In the listing below, start your output at the line with "Proof. by rewrite pair_linl" and end it after the line with "move=> /choice[w hw];", copying every line exactly.

*** Extracted material Section Begins ***

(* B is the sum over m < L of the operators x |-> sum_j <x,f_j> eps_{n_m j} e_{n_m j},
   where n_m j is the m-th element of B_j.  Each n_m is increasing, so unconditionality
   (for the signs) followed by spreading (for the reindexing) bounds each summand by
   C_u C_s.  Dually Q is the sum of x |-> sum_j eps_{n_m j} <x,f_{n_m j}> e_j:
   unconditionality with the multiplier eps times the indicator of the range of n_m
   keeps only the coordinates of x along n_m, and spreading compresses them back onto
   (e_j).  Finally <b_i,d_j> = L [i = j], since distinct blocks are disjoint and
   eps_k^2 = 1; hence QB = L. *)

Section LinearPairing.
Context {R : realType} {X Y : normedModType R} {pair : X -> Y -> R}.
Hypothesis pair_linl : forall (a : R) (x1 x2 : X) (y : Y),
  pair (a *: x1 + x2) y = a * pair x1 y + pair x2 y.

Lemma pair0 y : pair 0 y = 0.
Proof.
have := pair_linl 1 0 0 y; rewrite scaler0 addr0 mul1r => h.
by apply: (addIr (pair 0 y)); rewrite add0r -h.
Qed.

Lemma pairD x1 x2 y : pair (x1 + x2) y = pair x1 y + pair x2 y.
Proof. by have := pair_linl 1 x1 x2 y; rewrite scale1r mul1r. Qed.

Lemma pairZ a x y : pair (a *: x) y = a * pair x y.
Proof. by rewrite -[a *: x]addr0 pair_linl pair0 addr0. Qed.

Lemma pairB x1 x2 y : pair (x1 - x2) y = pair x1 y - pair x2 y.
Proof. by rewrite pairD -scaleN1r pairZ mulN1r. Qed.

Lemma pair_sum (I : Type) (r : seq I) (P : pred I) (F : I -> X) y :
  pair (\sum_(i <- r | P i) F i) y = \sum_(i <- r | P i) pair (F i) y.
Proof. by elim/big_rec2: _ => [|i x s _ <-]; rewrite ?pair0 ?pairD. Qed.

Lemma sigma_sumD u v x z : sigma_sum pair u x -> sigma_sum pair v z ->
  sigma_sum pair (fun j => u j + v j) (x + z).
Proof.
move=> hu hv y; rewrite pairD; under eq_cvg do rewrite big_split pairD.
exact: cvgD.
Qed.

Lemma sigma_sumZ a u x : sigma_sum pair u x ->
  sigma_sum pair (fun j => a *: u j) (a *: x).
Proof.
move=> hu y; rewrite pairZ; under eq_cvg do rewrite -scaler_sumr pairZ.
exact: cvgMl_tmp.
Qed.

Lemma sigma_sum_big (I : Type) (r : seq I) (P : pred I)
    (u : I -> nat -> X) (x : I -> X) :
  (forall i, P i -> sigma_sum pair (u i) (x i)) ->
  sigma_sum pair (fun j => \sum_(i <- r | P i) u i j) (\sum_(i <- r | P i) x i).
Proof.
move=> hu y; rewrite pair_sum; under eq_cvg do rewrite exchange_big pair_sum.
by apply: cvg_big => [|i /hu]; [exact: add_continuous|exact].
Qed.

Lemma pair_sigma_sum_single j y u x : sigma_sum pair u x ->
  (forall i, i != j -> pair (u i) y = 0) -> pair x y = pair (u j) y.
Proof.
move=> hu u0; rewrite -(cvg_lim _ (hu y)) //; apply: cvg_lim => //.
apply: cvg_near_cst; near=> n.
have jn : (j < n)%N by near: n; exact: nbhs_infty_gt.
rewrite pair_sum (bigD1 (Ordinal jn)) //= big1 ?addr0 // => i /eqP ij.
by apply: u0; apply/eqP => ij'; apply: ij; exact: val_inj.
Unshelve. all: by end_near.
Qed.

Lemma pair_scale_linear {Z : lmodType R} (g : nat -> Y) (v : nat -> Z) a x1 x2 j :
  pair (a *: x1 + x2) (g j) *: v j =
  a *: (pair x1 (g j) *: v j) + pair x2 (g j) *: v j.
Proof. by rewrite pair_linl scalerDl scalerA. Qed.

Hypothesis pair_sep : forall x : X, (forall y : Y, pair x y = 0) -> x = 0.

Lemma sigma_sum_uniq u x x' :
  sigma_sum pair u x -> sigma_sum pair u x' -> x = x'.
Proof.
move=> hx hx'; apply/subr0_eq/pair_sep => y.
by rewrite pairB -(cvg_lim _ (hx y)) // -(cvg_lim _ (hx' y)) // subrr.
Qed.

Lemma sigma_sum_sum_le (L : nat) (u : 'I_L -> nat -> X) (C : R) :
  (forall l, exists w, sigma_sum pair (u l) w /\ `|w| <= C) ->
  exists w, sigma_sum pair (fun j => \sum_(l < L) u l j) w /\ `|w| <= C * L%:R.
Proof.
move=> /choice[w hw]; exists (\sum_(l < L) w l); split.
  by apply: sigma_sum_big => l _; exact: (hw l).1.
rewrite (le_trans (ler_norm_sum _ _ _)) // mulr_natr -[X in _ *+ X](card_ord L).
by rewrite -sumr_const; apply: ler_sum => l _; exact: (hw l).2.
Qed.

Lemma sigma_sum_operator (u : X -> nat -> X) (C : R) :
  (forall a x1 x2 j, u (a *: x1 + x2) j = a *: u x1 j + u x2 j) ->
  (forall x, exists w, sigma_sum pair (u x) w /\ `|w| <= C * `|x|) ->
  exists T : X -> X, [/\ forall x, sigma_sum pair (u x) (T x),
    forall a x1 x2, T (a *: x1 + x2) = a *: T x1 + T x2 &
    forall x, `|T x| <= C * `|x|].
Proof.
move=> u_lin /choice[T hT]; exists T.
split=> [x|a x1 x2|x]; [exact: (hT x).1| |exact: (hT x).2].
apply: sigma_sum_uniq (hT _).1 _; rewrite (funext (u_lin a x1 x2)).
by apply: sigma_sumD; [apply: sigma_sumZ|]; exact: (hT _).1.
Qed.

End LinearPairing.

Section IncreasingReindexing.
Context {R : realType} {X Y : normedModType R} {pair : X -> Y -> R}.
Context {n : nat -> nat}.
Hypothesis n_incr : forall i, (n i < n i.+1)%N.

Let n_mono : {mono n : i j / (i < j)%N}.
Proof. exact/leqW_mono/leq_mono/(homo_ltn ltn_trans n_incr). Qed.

*** Extracted material Section Ends ***

Your solution
Proof. by rewrite pair_linl scalerDl scalerA. Qed.

Hypothesis pair_sep : forall x : X, (forall y : Y, pair x y = 0) -> x = 0.

Lemma sigma_sum_uniq u x x' :
  sigma_sum pair u x -> sigma_sum pair u x' -> x = x'.
Proof.
move=> hx hx'; apply/subr0_eq/pair_sep => y.
by rewrite pairB -(cvg_lim _ (hx y)) // -(cvg_lim _ (hx' y)) // subrr.
Qed.

Lemma sigma_sum_sum_le (L : nat) (u : 'I_L -> nat -> X) (C : R) :
  (forall l, exists w, sigma_sum pair (u l) w /\ `|w| <= C) ->
  exists w, sigma_sum pair (fun j => \sum_(l < L) u l j) w /\ `|w| <= C * L%:R.
Proof.
move=> /choice[w hw]; exists (\sum_(l < L) w l); split.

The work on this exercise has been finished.